┌─ RAW DATA
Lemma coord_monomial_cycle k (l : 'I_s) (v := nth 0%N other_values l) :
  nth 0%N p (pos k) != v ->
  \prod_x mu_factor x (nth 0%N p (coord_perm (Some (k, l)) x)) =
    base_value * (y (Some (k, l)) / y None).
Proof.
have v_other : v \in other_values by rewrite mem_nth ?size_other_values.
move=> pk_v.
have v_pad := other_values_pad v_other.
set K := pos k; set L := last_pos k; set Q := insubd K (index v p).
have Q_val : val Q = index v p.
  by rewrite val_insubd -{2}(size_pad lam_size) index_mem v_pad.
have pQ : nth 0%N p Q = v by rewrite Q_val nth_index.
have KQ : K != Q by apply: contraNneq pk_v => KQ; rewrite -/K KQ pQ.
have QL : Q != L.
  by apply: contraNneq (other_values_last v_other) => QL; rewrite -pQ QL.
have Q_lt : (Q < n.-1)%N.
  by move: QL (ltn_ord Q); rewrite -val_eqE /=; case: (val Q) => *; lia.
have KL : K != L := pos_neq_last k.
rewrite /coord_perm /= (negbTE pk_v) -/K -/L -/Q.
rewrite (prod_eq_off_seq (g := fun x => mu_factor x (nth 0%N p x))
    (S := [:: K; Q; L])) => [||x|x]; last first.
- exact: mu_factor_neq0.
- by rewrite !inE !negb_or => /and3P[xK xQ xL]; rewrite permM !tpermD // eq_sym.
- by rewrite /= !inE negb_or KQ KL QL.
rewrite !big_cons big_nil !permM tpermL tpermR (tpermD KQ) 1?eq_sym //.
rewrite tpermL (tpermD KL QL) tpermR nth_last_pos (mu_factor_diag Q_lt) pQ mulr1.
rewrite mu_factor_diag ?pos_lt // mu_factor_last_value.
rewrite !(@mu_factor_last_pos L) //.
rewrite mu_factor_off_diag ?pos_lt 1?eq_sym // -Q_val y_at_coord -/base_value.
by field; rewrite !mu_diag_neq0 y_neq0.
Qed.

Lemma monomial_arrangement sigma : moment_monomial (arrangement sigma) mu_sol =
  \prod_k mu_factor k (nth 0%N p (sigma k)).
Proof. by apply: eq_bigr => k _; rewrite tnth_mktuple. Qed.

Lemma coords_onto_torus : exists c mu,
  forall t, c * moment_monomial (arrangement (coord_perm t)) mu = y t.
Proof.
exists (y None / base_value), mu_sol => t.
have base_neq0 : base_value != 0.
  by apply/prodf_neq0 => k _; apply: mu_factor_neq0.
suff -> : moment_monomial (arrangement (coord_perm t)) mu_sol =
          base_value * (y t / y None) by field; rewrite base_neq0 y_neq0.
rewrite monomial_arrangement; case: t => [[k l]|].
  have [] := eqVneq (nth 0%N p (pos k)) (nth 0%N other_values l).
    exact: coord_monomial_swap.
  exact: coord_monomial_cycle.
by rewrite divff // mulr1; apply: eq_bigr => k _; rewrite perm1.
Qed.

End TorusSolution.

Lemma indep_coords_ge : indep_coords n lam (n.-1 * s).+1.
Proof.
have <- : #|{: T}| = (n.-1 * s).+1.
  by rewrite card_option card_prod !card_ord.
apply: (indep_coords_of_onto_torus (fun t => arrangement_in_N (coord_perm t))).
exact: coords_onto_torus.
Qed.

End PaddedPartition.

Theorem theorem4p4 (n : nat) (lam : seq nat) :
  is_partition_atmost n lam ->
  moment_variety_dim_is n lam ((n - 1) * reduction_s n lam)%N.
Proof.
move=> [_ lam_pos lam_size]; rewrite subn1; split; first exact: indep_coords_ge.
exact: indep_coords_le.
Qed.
└─
WHAT TO PRODUCE: Provide a verbatim copy of all the entries.

YOUR SOLUTION:
Lemma coord_monomial_cycle k (l : 'I_s) (v := nth 0%N other_values l) :
  nth 0%N p (pos k) != v ->
  \prod_x mu_factor x (nth 0%N p (coord_perm (Some (k, l)) x)) =
    base_value * (y (Some (k, l)) / y None).
Proof.
have v_other : v \in other_values by rewrite mem_nth ?size_other_values.
move=> pk_v.
have v_pad := other_values_pad v_other.
set K := pos k; set L := last_pos k; set Q := insubd K (index v p).
have Q_val : val Q = index v p.
  by rewrite val_insubd -{2}(size_pad lam_size) index_mem v_pad.
have pQ : nth 0%N p Q = v by rewrite Q_val nth_index.
have KQ : K != Q by apply: contraNneq pk_v => KQ; rewrite -/K KQ pQ.
have QL : Q != L.
  by apply: contraNneq (other_values_last v_other) => QL; rewrite -pQ QL.
have Q_lt : (Q < n.-1)%N.
  by move: QL (ltn_ord Q); rewrite -val_eqE /=; case: (val Q) => *; lia.
have KL : K != L := pos_neq_last k.
rewrite /coord_perm /= (negbTE pk_v) -/K -/L -/Q.
rewrite (prod_eq_off_seq (g := fun x => mu_factor x (nth 0%N p x))
    (S := [:: K; Q; L])) => [||x|x]; last first.
- exact: mu_factor_neq0.
- by rewrite !inE !negb_or => /and3P[xK xQ xL]; rewrite permM !tpermD // eq_sym.
- by rewrite /= !inE negb_or KQ KL QL.
rewrite !big_cons big_nil !permM tpermL tpermR (tpermD KQ) 1?eq_sym //.
rewrite tpermL (tpermD KL QL) tpermR nth_last_pos (mu_factor_diag Q_lt) pQ mulr1.
rewrite mu_factor_diag ?pos_lt // mu_factor_last_value.
rewrite !(@mu_factor_last_pos L) //.
rewrite mu_factor_off_diag ?pos_lt 1?eq_sym // -Q_val y_at_coord -/base_value.
by field; rewrite !mu_diag_neq0 y_neq0.
Qed.

Lemma monomial_arrangement sigma : moment_monomial (arrangement sigma) mu_sol =
  \prod_k mu_factor k (nth 0%N p (sigma k)).
Proof. by apply: eq_bigr => k _; rewrite tnth_mktuple. Qed.

Lemma coords_onto_torus : exists c mu,
  forall t, c * moment_monomial (arrangement (coord_perm t)) mu = y t.
Proof.
exists (y None / base_value), mu_sol => t.
have base_neq0 : base_value != 0.
  by apply/prodf_neq0 => k _; apply: mu_factor_neq0.
suff -> : moment_monomial (arrangement (coord_perm t)) mu_sol =
          base_value * (y t / y None) by field; rewrite base_neq0 y_neq0.
rewrite monomial_arrangement; case: t => [[k l]|].
  have [] := eqVneq (nth 0%N p (pos k)) (nth 0%N other_values l).
    exact: coord_monomial_swap.
  exact: coord_monomial_cycle.
by rewrite divff // mulr1; apply: eq_bigr => k _; rewrite perm1.
Qed.

End TorusSolution.

Lemma indep_coords_ge : indep_coords n lam (n.-1 * s).+1.
Proof.
have <- : #|{: T}| = (n.-1 * s).+1.
  by rewrite card_option card_prod !card_ord.
apply: (indep_coords_of_onto_torus (fun t => arrangement_in_N (coord_perm t))).
exact: coords_onto_torus.
Qed.

End PaddedPartition.

Theorem theorem4p4 (n : nat) (lam : seq nat) :
  is_partition_atmost n lam ->
  moment_variety_dim_is n lam ((n - 1) * reduction_s n lam)%N.
Proof.
move=> [_ lam_pos lam_size]; rewrite subn1; split; first exact: indep_coords_ge.
exact: indep_coords_le.
Qed.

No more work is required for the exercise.